Commercial values remain significantly lower, whether this concerns houses or commercial properties, and the difference is even greater in areas with high objective values, which are completely obsolete.
In the northern Athenian suburb of Palaio Psychico, for instance, a 350-square-meter detached house was recently sold for 1 million euros, while its objective value (on which the Single Property Tax, or ENFIA, is calculated) is set at 3.2 million euros. Similarly in nearby Halandri, a 40-year-old flat was sold at 20 percent below its objective value, and a 1982 apartment in Argyroupoli, eastern Athens, was sold 31.25 percent below its taxable price.
Lefteris Potamianos, vice-president of the Athens-Attica Estate Agents Association, explains to Kathimerini that the larger a property’s surface and the more exclusive its location, the bigger will be the difference between its market rate and objective value.
“This is due to the fact that objective values are calculated according to parameters such as the properties’ size and the qualitative features of each area.
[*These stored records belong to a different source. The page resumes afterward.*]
(* Let $A=\sigma(R)\langle x_1,\dots,x_n\rangle$ be a bijective skew PBW extension over a ring $R$, with associated endomorphisms $\sigma_i$ and $\sigma_i$-derivations $\delta_i$. Then the opposite ring $A^{\mathrm{op}}$ is a bijective skew PBW extension over $R^{\mathrm{op}}$. Moreover, for $A^{\mathrm{op}}$ the associated automorphisms are $\sigma_i^{\mathrm{op}}:R^{\mathrm{op}}\to R^{\mathrm{op}}$, $\sigma_i^{\mathrm{op}}(r)=\sigma_i^{-1}(r)$, and the associated $\sigma_i^{\mathrm{op}}$-derivations are $\delta_i^{\mathrm{op}}:R^{\mathrm{op}}\to R^{\mathrm{op}}$, $\delta_i^{\mathrm{op}}(r)=-\delta_i(\sigma_i^{-1}(r))$, for $r\in R^{\mathrm{op}}$, $1\le i\le n$.
   Context: Rings are associative with unity, not necessarily commutative. Given rings $R\subseteq A$, $A$ is a skew PBW extension over $R$, written $A=\sigma(R)\langle x_1,\dots,x_n\rangle$, if: (i) $R\subseteq A$; (ii) there are elements $x_1,\dots,x_n\in A$ such that $A$ is a free left $R$-module with basis $\mathrm{Mon}(A)=\{x_1^{\alpha_1}\cdots x_n^{\alpha_n}\mid (\alpha_1,\dots,\alpha_n)\in\mathbb{N}^n\}$; (iii) for each $1\le i\le n$ and each $r\in R\setminus\{0\}$ there is $c_{i,r}\in R\setminus\{0\}$ with $x_ir-c_{i,r}x_i\in R$; (iv) for all $1\le i,j\le n$ there is $c_{i,j}\in R\setminus\{0\}$ with $x_jx_i-c_{i,j}x_ix_j\in R+Rx_1+\cdots+Rx_n$. For such $A$, for each $i$ there exist an injective ring endomorphism $\sigma_i$ of $R$ and a $\sigma_i$-derivation $\delta_i$ of $R$ (i.e. additive with $\delta_i(rs)=\sigma_i(r)\delta_i(s)+\delta_i(r)s$) such that $x_ir=\sigma_i(r)x_i+\delta_i(r)$ for all $r\in R$. $A$ is called bijective if every $\sigma_i$ is bijective and the elements $c_{i,j}$ are invertible for $1\le i<j\le n$. The opposite ring $B^{\mathrm{op}}$ of $B$ has the same additive group and product $a*b=ba$. *)

From HB Require Import structures.
From mathcomp Require Import all_boot all_order all_algebra.
Set Implicit Arguments. Unset Strict Implicit. Unset Printing Implicit Defensive.
Import GRing.Theory.
Local Open Scope ring_scope.

(* The base ring R is modelled as a subring S (a predicate closed under
   1, subtraction and multiplication) of the (possibly noncommutative)
   ring A.  The opposite ring of A is MathComp's converse ring A^c, and
   R^op is then the same predicate S viewed inside A^c. *)

Section SkewPBW.
Variables (A : nzRingType) (S : pred A) (n : nat) (x : 'I_n -> A).

Definition monom (a : n.-tuple nat) : A := \prod_(i < n) x i ^+ (tnth a i).

Definition mon_spans : Prop :=
  forall a : A, exists (s : seq (n.-tuple nat)) (c : n.-tuple nat -> A),
    (forall al, c al \in S) /\ a = \sum_(al <- s) c al * monom al.

Definition mon_free : Prop :=
  forall (s : seq (n.-tuple nat)) (c : n.-tuple nat -> A),
    uniq s -> (forall al, c al \in S) ->
    \sum_(al <- s) c al * monom al = 0 ->
    forall al, al \in s -> c al = 0.

Definition in_lin (a : A) : Prop :=
  exists (r0 : A) (r : 'I_n -> A),
    r0 \in S /\ (forall k, r k \in S) /\ a = r0 + \sum_(k < n) r k * x k.

Definition skewPBW : Prop :=
  [/\ subring_closed S,
      mon_spans, mon_free,
      (forall (i : 'I_n) (r : A), r \in S -> r != 0 ->
          exists c, [/\ c \in S, c != 0 & x i * r - c * x i \in S])
    & (forall i j : 'I_n,
          exists c, [/\ c \in S, c != 0 & in_lin (x j * x i - c * x i * x j)])].

(* sigma, delta (maps A -> A, only their values on S matter) are the
   endomorphism and sigma-derivation associated to x_i:
   x_i r = sigma(r) x_i + delta(r) for all r in R. *)
Definition assoc_maps (i : 'I_n) (sigma delta : A -> A) : Prop :=
  forall r, r \in S -> [/\ sigma r \in S, delta r \in S &
                           x i * r = sigma r * x i + delta r].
Therefore, while in the eyes of the taxman a property may appear expensive, in practical terms this is not reflected in the going rate, as the market remains at very low levels,” says Potamianos.
The situation exacerbates the injustice owners suffer as they continue to pay taxes based on high objective values, which they are unable to capitalize on as they are far from the market reality.
The gap between taxable and market rates remains wide despite a ruling last year by the Council of State that forced an adjustment. This is because the implementation of an automatic adjustment system that would match objective values to market prices has not gotten off the ground yet, even though it had been a prior action demanded in the government’s previous midterm fiscal plan. The latest deadline set for the system to start operating is January 1, 2018, but no one is certain it will be ready by then either.